START Source data

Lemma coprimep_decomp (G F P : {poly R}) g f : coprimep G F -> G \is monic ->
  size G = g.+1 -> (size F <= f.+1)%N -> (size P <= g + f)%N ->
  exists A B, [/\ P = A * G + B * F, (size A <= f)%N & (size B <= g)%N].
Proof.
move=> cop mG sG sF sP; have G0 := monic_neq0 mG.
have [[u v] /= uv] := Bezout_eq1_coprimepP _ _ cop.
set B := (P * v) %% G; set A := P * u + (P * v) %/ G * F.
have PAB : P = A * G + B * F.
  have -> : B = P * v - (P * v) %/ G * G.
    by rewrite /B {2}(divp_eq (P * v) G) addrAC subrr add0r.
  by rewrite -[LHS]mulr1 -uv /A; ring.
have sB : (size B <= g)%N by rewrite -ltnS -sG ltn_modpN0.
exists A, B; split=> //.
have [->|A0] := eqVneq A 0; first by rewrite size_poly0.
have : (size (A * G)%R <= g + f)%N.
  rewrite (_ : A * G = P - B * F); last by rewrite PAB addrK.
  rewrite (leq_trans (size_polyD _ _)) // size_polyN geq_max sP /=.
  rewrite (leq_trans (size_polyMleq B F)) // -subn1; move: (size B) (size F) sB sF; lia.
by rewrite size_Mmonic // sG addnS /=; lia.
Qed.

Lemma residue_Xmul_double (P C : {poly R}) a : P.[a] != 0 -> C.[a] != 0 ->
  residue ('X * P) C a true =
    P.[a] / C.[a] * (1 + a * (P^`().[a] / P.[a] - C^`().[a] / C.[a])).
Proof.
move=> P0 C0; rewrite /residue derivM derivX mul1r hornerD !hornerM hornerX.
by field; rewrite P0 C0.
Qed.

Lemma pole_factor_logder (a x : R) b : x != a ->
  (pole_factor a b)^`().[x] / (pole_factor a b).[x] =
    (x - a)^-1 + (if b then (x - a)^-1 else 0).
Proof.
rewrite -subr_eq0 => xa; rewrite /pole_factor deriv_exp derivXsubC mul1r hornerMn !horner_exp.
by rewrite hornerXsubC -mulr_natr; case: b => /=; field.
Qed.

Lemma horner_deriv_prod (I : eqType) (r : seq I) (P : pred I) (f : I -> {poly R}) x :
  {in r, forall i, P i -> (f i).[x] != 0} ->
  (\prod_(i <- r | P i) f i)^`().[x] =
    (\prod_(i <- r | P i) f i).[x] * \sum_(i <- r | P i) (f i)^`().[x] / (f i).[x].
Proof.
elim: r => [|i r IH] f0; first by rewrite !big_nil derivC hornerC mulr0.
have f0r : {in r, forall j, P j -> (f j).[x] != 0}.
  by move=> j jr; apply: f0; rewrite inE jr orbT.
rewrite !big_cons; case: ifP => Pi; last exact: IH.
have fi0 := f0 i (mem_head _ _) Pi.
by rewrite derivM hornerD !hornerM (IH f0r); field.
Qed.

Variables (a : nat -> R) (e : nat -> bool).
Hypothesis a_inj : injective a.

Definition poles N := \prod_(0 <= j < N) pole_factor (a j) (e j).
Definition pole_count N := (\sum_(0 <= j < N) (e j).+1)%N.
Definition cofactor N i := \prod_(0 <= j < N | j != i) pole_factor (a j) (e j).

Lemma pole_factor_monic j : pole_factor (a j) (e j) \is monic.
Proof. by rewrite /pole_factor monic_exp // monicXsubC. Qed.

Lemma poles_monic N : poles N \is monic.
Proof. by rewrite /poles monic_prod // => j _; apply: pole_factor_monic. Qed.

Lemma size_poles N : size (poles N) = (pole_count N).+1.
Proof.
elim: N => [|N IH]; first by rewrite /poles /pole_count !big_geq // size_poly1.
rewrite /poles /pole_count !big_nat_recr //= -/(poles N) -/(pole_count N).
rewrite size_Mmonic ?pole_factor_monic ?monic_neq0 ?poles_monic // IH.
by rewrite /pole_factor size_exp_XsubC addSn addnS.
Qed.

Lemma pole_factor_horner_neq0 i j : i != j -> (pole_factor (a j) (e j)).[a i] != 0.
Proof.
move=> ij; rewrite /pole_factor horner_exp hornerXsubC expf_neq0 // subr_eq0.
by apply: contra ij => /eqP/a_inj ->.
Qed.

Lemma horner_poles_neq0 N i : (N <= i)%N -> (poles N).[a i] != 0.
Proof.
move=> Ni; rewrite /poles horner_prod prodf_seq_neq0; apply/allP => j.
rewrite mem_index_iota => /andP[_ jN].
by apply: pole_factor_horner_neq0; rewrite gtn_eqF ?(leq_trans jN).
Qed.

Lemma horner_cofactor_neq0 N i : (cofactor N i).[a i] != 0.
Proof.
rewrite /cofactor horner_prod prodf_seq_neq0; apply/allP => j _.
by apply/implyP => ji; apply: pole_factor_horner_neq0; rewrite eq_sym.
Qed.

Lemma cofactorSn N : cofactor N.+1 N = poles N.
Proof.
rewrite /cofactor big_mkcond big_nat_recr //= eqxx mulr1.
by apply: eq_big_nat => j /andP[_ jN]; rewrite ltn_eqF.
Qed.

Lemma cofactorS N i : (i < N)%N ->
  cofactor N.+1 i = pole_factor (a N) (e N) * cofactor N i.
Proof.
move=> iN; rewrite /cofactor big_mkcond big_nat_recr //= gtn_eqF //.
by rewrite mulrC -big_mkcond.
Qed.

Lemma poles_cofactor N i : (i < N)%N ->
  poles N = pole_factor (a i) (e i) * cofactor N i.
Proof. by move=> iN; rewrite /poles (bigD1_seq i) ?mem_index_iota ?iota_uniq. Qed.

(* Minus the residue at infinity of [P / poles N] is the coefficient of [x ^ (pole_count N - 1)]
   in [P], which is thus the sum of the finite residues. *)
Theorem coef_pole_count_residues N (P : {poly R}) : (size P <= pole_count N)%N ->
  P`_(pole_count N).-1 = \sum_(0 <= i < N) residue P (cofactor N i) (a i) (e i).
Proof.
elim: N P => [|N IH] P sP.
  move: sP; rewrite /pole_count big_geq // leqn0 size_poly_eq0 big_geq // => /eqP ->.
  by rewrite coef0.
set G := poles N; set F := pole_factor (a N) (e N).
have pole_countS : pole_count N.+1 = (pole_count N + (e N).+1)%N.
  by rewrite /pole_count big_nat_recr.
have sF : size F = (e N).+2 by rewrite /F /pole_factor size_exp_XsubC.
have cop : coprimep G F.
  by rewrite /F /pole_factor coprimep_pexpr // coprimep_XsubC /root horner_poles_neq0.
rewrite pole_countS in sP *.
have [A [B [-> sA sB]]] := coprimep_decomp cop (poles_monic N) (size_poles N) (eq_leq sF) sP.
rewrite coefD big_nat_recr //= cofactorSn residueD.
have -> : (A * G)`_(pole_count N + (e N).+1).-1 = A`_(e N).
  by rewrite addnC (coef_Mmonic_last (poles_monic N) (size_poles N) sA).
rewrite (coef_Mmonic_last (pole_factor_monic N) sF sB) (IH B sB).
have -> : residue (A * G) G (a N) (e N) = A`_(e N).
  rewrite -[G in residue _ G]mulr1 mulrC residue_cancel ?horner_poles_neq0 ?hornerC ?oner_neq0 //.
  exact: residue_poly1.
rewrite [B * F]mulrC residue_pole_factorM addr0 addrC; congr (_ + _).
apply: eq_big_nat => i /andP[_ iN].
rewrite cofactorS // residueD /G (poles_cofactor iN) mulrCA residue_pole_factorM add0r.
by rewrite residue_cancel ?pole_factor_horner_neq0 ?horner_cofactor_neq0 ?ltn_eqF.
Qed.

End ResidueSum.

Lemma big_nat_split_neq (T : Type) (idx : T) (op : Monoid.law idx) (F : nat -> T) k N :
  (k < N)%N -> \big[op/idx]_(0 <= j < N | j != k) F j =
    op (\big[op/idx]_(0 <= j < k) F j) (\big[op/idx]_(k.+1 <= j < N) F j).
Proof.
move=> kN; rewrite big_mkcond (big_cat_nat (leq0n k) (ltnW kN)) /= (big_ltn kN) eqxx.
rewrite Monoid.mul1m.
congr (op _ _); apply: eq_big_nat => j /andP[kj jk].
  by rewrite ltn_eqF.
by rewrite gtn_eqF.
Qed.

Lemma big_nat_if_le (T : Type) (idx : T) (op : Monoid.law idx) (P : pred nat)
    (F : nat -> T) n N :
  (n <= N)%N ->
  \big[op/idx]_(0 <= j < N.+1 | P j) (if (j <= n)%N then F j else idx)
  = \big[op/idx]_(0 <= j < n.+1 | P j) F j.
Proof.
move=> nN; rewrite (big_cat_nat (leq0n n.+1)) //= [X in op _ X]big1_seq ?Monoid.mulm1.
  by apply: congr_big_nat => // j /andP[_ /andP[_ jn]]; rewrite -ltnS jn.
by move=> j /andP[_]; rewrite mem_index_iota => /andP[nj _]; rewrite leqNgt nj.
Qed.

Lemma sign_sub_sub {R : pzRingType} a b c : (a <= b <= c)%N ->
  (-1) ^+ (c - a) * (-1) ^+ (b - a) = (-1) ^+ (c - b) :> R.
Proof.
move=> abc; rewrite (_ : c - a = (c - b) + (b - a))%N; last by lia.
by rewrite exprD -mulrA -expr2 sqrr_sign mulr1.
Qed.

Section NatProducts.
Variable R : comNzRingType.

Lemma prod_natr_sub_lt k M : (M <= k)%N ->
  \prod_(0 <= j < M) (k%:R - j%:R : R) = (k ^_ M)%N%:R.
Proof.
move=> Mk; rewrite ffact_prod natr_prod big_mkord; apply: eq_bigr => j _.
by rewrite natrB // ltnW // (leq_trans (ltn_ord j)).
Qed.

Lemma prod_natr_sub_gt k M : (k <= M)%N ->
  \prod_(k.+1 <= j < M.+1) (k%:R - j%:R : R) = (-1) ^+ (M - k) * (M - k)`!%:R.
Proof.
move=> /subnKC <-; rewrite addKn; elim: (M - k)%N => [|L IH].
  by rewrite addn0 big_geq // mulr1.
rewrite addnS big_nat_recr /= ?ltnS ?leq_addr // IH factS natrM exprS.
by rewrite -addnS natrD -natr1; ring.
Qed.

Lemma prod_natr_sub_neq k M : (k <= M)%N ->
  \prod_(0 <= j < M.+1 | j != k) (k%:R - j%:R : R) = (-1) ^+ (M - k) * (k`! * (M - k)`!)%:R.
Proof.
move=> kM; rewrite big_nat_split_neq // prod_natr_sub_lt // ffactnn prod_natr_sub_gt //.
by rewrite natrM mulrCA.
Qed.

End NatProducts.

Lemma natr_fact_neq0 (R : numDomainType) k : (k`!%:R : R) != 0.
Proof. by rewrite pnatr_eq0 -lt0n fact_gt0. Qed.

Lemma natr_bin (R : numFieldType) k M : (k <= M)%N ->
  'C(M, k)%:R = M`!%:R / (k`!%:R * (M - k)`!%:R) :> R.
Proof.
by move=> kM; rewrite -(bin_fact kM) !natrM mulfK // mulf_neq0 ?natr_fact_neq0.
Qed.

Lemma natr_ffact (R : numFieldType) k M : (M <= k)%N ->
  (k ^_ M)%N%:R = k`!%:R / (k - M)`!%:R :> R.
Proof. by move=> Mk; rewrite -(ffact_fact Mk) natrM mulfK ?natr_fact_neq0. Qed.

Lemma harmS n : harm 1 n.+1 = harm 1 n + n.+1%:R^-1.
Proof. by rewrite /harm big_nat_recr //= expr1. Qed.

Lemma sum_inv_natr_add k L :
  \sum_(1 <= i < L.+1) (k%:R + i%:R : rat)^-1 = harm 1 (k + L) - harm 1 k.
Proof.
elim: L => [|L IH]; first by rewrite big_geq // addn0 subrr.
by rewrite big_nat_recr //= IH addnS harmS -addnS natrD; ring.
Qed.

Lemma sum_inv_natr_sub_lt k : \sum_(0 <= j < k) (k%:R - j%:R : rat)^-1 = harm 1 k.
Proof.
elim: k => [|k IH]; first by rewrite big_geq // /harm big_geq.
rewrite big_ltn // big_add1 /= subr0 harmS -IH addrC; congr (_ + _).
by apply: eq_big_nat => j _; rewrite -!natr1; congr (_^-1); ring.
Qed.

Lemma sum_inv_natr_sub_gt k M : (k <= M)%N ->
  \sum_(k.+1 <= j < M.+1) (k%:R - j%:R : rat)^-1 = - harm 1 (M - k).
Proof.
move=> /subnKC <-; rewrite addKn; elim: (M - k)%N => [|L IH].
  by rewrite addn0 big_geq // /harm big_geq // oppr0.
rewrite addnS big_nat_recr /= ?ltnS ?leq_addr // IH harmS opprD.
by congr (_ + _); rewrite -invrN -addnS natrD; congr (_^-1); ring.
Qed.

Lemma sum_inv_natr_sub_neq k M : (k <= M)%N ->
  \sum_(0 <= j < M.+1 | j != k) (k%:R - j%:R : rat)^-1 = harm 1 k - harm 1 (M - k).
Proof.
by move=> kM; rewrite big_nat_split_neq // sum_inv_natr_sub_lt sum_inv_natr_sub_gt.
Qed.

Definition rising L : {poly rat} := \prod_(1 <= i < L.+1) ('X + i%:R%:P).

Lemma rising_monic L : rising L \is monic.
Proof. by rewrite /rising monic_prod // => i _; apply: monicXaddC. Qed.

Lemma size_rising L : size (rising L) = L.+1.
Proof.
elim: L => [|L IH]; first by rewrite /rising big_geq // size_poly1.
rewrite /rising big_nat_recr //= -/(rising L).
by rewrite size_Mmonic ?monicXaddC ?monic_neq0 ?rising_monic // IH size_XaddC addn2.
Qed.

END Source data
START Source data

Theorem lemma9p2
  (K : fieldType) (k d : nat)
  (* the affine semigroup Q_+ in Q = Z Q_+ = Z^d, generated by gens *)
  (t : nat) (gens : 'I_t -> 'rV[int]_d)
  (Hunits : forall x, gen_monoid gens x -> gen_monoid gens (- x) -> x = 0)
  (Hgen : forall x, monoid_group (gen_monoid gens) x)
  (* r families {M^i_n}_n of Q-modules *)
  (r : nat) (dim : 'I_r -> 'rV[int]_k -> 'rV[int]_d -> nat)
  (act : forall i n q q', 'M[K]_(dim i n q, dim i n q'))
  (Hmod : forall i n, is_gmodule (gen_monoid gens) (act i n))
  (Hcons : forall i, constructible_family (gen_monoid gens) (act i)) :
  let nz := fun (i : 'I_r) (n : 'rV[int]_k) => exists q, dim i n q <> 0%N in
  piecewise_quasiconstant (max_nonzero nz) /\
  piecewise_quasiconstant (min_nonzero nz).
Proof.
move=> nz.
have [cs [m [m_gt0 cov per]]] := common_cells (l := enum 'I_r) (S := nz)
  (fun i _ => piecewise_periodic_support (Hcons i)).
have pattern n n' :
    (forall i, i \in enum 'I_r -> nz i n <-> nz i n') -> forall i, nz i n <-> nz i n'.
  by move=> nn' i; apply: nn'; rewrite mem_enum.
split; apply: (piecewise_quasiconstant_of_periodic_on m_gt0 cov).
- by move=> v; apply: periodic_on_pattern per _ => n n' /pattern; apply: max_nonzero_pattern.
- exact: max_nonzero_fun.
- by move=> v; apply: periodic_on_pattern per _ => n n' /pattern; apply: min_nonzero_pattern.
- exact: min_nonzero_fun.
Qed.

END Source data

What to do
From the listing above, repeat exactly the lines starting at the line that includes "Lemma coprimep_decomp (G" and ending at the line that includes "have -> : B = P * v - (P * v) %/ G * G.", with nothing outside that span.

Answer section
Lemma coprimep_decomp (G F P : {poly R}) g f : coprimep G F -> G \is monic ->
  size G = g.+1 -> (size F <= f.+1)%N -> (size P <= g + f)%N ->
  exists A B, [/\ P = A * G + B * F, (size A <= f)%N & (size B <= g)%N].
Proof.
move=> cop mG sG sF sP; have G0 := monic_neq0 mG.
have [[u v] /= uv] := Bezout_eq1_coprimepP _ _ cop.
set B := (P * v) %% G; set A := P * u + (P * v) %/ G * F.
have PAB : P = A * G + B * F.
  have -> : B = P * v - (P * v) %/ G * G.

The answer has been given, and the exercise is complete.